Open science in the context of transdisciplinary research
 
A.onlineassignment
A.onlineassignmentA.onlineassignment
A.onlineassignment
 
Visibility and internationalization USARB Through Institutional Repository
Visibility and internationalization USARB Through Institutional Repository Visibility and internationalization USARB Through Institutional Repository
Visibility and internationalization USARB Through Institutional Repository
 
Developing data services: a tale from two Oregon universities
Developing data services: a tale from two Oregon universitiesDeveloping data services: a tale from two Oregon universities
Developing data services: a tale from two Oregon universities
 
EarthCube's OceanLink - Project Overview and Presentation Updates (March 2014)
EarthCube's OceanLink - Project Overview and Presentation Updates (March 2014)EarthCube's OceanLink - Project Overview and Presentation Updates (March 2014)
EarthCube's OceanLink - Project Overview and Presentation Updates (March 2014)
 
Ngsp
NgspNgsp
Ngsp
 
Open Access and Open Data: what do I need to know (and do)?
Open Access and Open Data: what do I need to know (and do)?Open Access and Open Data: what do I need to know (and do)?
Open Access and Open Data: what do I need to know (and do)?
 
Biodiversity Virtual e-Laboratory (BioVeL)
Biodiversity Virtual e-Laboratory (BioVeL)Biodiversity Virtual e-Laboratory (BioVeL)
Biodiversity Virtual e-Laboratory (BioVeL)
 
Webinar: An overview and explanation of the creation of the communication res...
Webinar: An overview and explanation of the creation of the communication res...Webinar: An overview and explanation of the creation of the communication res...
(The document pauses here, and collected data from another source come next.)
Theorem theorem8 (R : realType) (d : nat) (V : {fset 'rV[R]_d})
    (E : 'rV[R]_d -> 'rV[R]_d -> Prop) (k : nat) (nu0 : R) :
  distance_graph V E ->
  0 < nu0 < 1 ->
  (forall V' : {fset 'rV[R]_d}, fsubset V' V ->
     (Num.truncn (nu0 * (#|` V|)%fset%:R) <= (#|` V'|)%fset)%N ->
     (k < chromatic_number V' E)%N) ->
  forall S : 'I_k -> set 'rV[R]_d,
    (forall i, leb_measurable (S i)) ->
    (nu0%:E <= upper_density (\bigcup_(i in setT) S i))%E ->
  forall a : R, 0 < a ->
    exists i : 'I_k, exists x y : 'rV[R]_d, S i x /\ S i y /\ eucl_dist x y = a.
Proof.
move=> [_ E_unit] /andP[nu0_gt0 _] chiV S S_meas dens a a_gt0.
apply: contrapT => no_pair.
have no_mono i x y : S i x -> S i y -> eucl_dist x y <> a.
  by move=> Six Siy dxy; apply: no_pair; exists i, x, y.
have [d0|d_gt0] := posnP d.
  by subst d; have := le_trans dens (upper_density_dim0_le _); rewrite lee_fin; lra.
set n := #|` V|%fset; set m := Num.truncn (nu0 * n%:R).
have E_dist x y : E x y -> eucl_dist x y = 1 by case/E_unit.
have hits_lt := count_translate_hits_lt E_dist a_gt0 no_mono chiV.
have m_gt0 : (0 < m)%N := leq_ltn_trans (leq0n _) (hits_lt 0).
have m_le : m%:R <= nu0 * n%:R by rewrite truncn_le mulr_ge0 // ltW.
have n_gt0 : (0 < n)%N.
  by rewrite lt0n; apply: contraTneq m_le => ->; rewrite mulr0 -ltNge ltr0n.
have hits_le x : (count (fun u => `[< (\bigcup_(i in setT) S i) (x + u)%R >])
                    (map (fun v => a *: v) V) <= m.-1)%N.
  by rewrite count_map -ltnS prednK //; exact: hits_lt.
have := upper_density_le_translate_count S_meas d_gt0 _ hits_le.
rewrite size_map => /(_ n_gt0) dens_le.
have := le_trans dens dens_le; rewrite lee_fin ler_pdivlMr ?ltr0n //.
rewrite -(prednK m_gt0) -natr1 in m_le; lra.
Qed.
Lemma nf_length_unique c1 c2 u1 u2 : C c1 -> C c2 -> alt u1 -> alt u2 ->
  c1 * wprod u1 = c2 * wprod u2 -> length u1 = length u2.
Proof.
  intros Hc1 Hc2 Hu1 Hu2 E.
  destruct (alt_cancel u1 (winv u2) (inv c2 * c1)) as
    (a1 & a2 & b1 & b2 & Ea & Eb & El & HC & Hd); auto using alt_winv, CM, CV.
  set (c := wprod a2 * (inv c2 * c1) * wprod b1) in *.
  assert (E1 : wprod a1 * c * wprod b2 = one).
  { transitivity (wprod (winv u2) * (inv c2 * c1) * wprod u1).
    - rewrite Ea, Eb, !wprod_app. unfold c. now group_simpl.
    - rewrite wprod_winv.
      transitivity (inv (c2 * wprod u2) * (c1 * wprod u1)); [now group_simpl|].
      rewrite E. apply gmulV. }
  assert (Ha1 : alt a1) by (apply (alt_app a1 a2); rewrite <- Ea; now apply alt_winv).
  assert (Hb2 : alt b2) by (apply (alt_app b1 b2); now rewrite <- Eb).
  destruct Hd as [->|[->|(a1' & a & b & b2' & -> & -> & Hab)]].
  - destruct b2 as [|b b2].
    + rewrite <- (length_winv u2), Ea, Eb, !length_app, El. simpl. lia.
    + exfalso. apply (nf_neq1 c (b :: b2)); auto; [discriminate|].
      rewrite <- E1, wprod_nil. now group_simpl.
  - destruct a1 as [|a a1].
    + rewrite <- (length_winv u2), Ea, Eb, !length_app, El. simpl. lia.
    + exfalso. destruct (nf_mulC one (a :: a1) c) as (c' & w & Hc' & Hw & Lw & Ew);
        auto using C1.
      apply (nf_neq1 c' w); auto; [intros ->; simpl in Lw; discriminate|].
      rewrite <- Ew, gmul1. rewrite wprod_nil, mulg1 in E1. exact E1.
  - exfalso. destruct (classic (fst a = fst b)) as [Eab|Nab].
    + assert (Hm : ~ C (snd a * c * snd b)) by (destruct Hab; tauto).
      apply (nf_neq1 one (a1' ++ (fst a, snd a * c * snd b) :: b2')); auto using C1.
      * apply alt_join_merge; auto.
      * now destruct a1'.
      * rewrite gmul1, <- E1, !wprod_app, !wprod_cons, ?wprod_nil. simpl. now group_simpl.
    + apply (nf_neq1 one (a1' ++ (fst a, snd a * c) :: b :: b2')); auto using C1.
      * apply alt_join_distinct; auto. apply alt_cons in Hb2. apply head_not_cons. congruence.
      * now destruct a1'.
      * rewrite gmul1, <- E1, !wprod_app, !wprod_cons, ?wprod_nil. simpl. now group_simpl.
Qed.

Lemma len_nf c u : C c -> alt u -> len (c * wprod u) = length u.
Proof.
  intros Hc Hu. unfold Defs.len.
  assert (Hex : exists m, has_length G Gi C (c * wprod u) m) by (exists (length u), c, u; auto).
  destruct (epsilon_spec (inhabits 0) _ Hex) as (c' & u' & Hc' & Hu' & <- & E).
  symmetry. now apply (nf_length_unique c c').
Qed.

Lemma len_wprod u : alt u -> len (wprod u) = length u.
Proof. intro Hu. rewrite <- (gmul1 G (wprod u)). apply len_nf; auto using C1. Qed.

Lemma len_nf_mulC c u z : C c -> alt u -> C z -> len (c * wprod u * z) = length u.
Proof.
  intros Hc Hu Hz. destruct (nf_mulC c u z) as (c' & u' & ? & ? & <- & ->); auto.
  now apply len_nf.
Qed.

Lemma nf_of g : exists c u, C c /\ alt u /\ g = c * wprod u.
Proof.
  destruct AFP as (_ & _ & _ & Hgen & _). destruct (Hgen g) as (ws & Hws & ->).
  destruct (nf_exists ws Hws) as (c & u & ? & ? & _ & E). now exists c, u.
Qed.

Lemma len_wprod_le ws : (forall w, In w ws -> Gi (fst w) (snd w)) -> len (wprod ws) <= length ws.
Proof.
  intro Hws. destruct (nf_exists ws Hws) as (c & u & ? & ? & ? & ->). now rewrite len_nf.
Qed.

Lemma len_inv x : len (inv x) = len x.
Proof.
  destruct (nf_of x) as (c & u & Hc & Hu & ->).
  destruct (nf_mulC one (winv u) (inv c)) as (c' & u' & Hc' & Hu' & Hl & E);
    auto using C1, CV, alt_winv.
  replace (inv (c * wprod u)) with (c' * wprod u')
    by (rewrite <- E, wprod_winv; now group_simpl).
  rewrite !len_nf, Hl; auto. apply length_winv.
Qed.

Lemma len_C x : C x -> len x = 0.
Proof.
  intro Hx. rewrite <- (mulg1 x). change one with (wprod []). now apply len_nf.
Qed.

Lemma len1_letter x : len x = 1 -> exists j, letter (j, x).
Proof.
  destruct (nf_of x) as (c & u & Hc & Hu & ->). rewrite len_nf; auto.
  destruct u as [|a [|? ?]]; try discriminate. intros _. exists (fst a).
  rewrite wprod1. apply letter_mulC_l; auto. apply alt1 in Hu. now destruct a.
Qed.

Lemma len_factor_le1 j x : Gi j x -> len x <= 1.
Proof.
  intro Hx. change x with (snd (j, x)). rewrite <- wprod1.
  apply len_wprod_le. now intros w [<-|[]].
Qed.

Lemma reduced2 x y : reduced G Gi C [x; y] <-> len (x * y) = len x + len y.
Proof.
  unfold reduced. cbn [fold_right]. rewrite !gprod_cons. change (gprod G []) with one.
  rewrite mulg1, Nat.add_0_r. reflexivity.
Qed.

Lemma right_factor_nf c u v : C c -> alt (u ++ v) ->
  right_factor G Gi C (wprod v) (c * wprod (u ++ v)).
Proof.
  intros Hc Huv. pose proof (alt_app u v Huv) as [Hu Hv]. exists (c * wprod u).
  rewrite wprod_app, gmulA. split; [auto|]. apply reduced2.
  rewrite <- gmulA, <- wprod_app, !len_nf, len_wprod, length_app; auto.
Qed.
Webinar: An overview and explanation of the creation of the communication res...
 
VERSO: Ecosystem Responses in the Southern Ocean
VERSO: Ecosystem Responses in the Southern OceanVERSO: Ecosystem Responses in the Southern Ocean
VERSO: Ecosystem Responses in the Southern Ocean
 
GBIF and Biodiversity informatics for museums, 15 March 2021
GBIF and Biodiversity informatics for museums, 15 March 2021GBIF and Biodiversity informatics for museums, 15 March 2021
GBIF and Biodiversity informatics for museums, 15 March 2021
 
Open Research and Archaeology
Open Research and ArchaeologyOpen Research and Archaeology
Open Research and Archaeology
 

Recently uploaded

OECD bibliometric indicators: Selected highlights, April 2024
OECD bibliometric indicators: Selected highlights, April 2024OECD bibliometric indicators: Selected highlights, April 2024
OECD bibliometric indicators: Selected highlights, April 2024innovationoecd
 
ECG Graph Monitoring with AD8232 ECG Sensor & Arduino.pptx
ECG Graph Monitoring with AD8232 ECG Sensor & Arduino.pptxECG Graph Monitoring with AD8232 ECG Sensor & Arduino.pptx
ECG Graph Monitoring with AD8232 ECG Sensor & Arduino.pptxmaryFF1
 
Four Spheres of the Earth Presentation.ppt
Four Spheres of the Earth Presentation.pptFour Spheres of the Earth Presentation.ppt
Four Spheres of the Earth Presentation.pptJoemSTuliba
 
Topic 9- General Principles of International Law.pptx
Topic 9- General Principles of International Law.pptxTopic 9- General Principles of International Law.pptx
Topic 9- General Principles of International Law.pptxJorenAcuavera1
 
User Guide: Orion™ Weather Station (Columbia Weather Systems)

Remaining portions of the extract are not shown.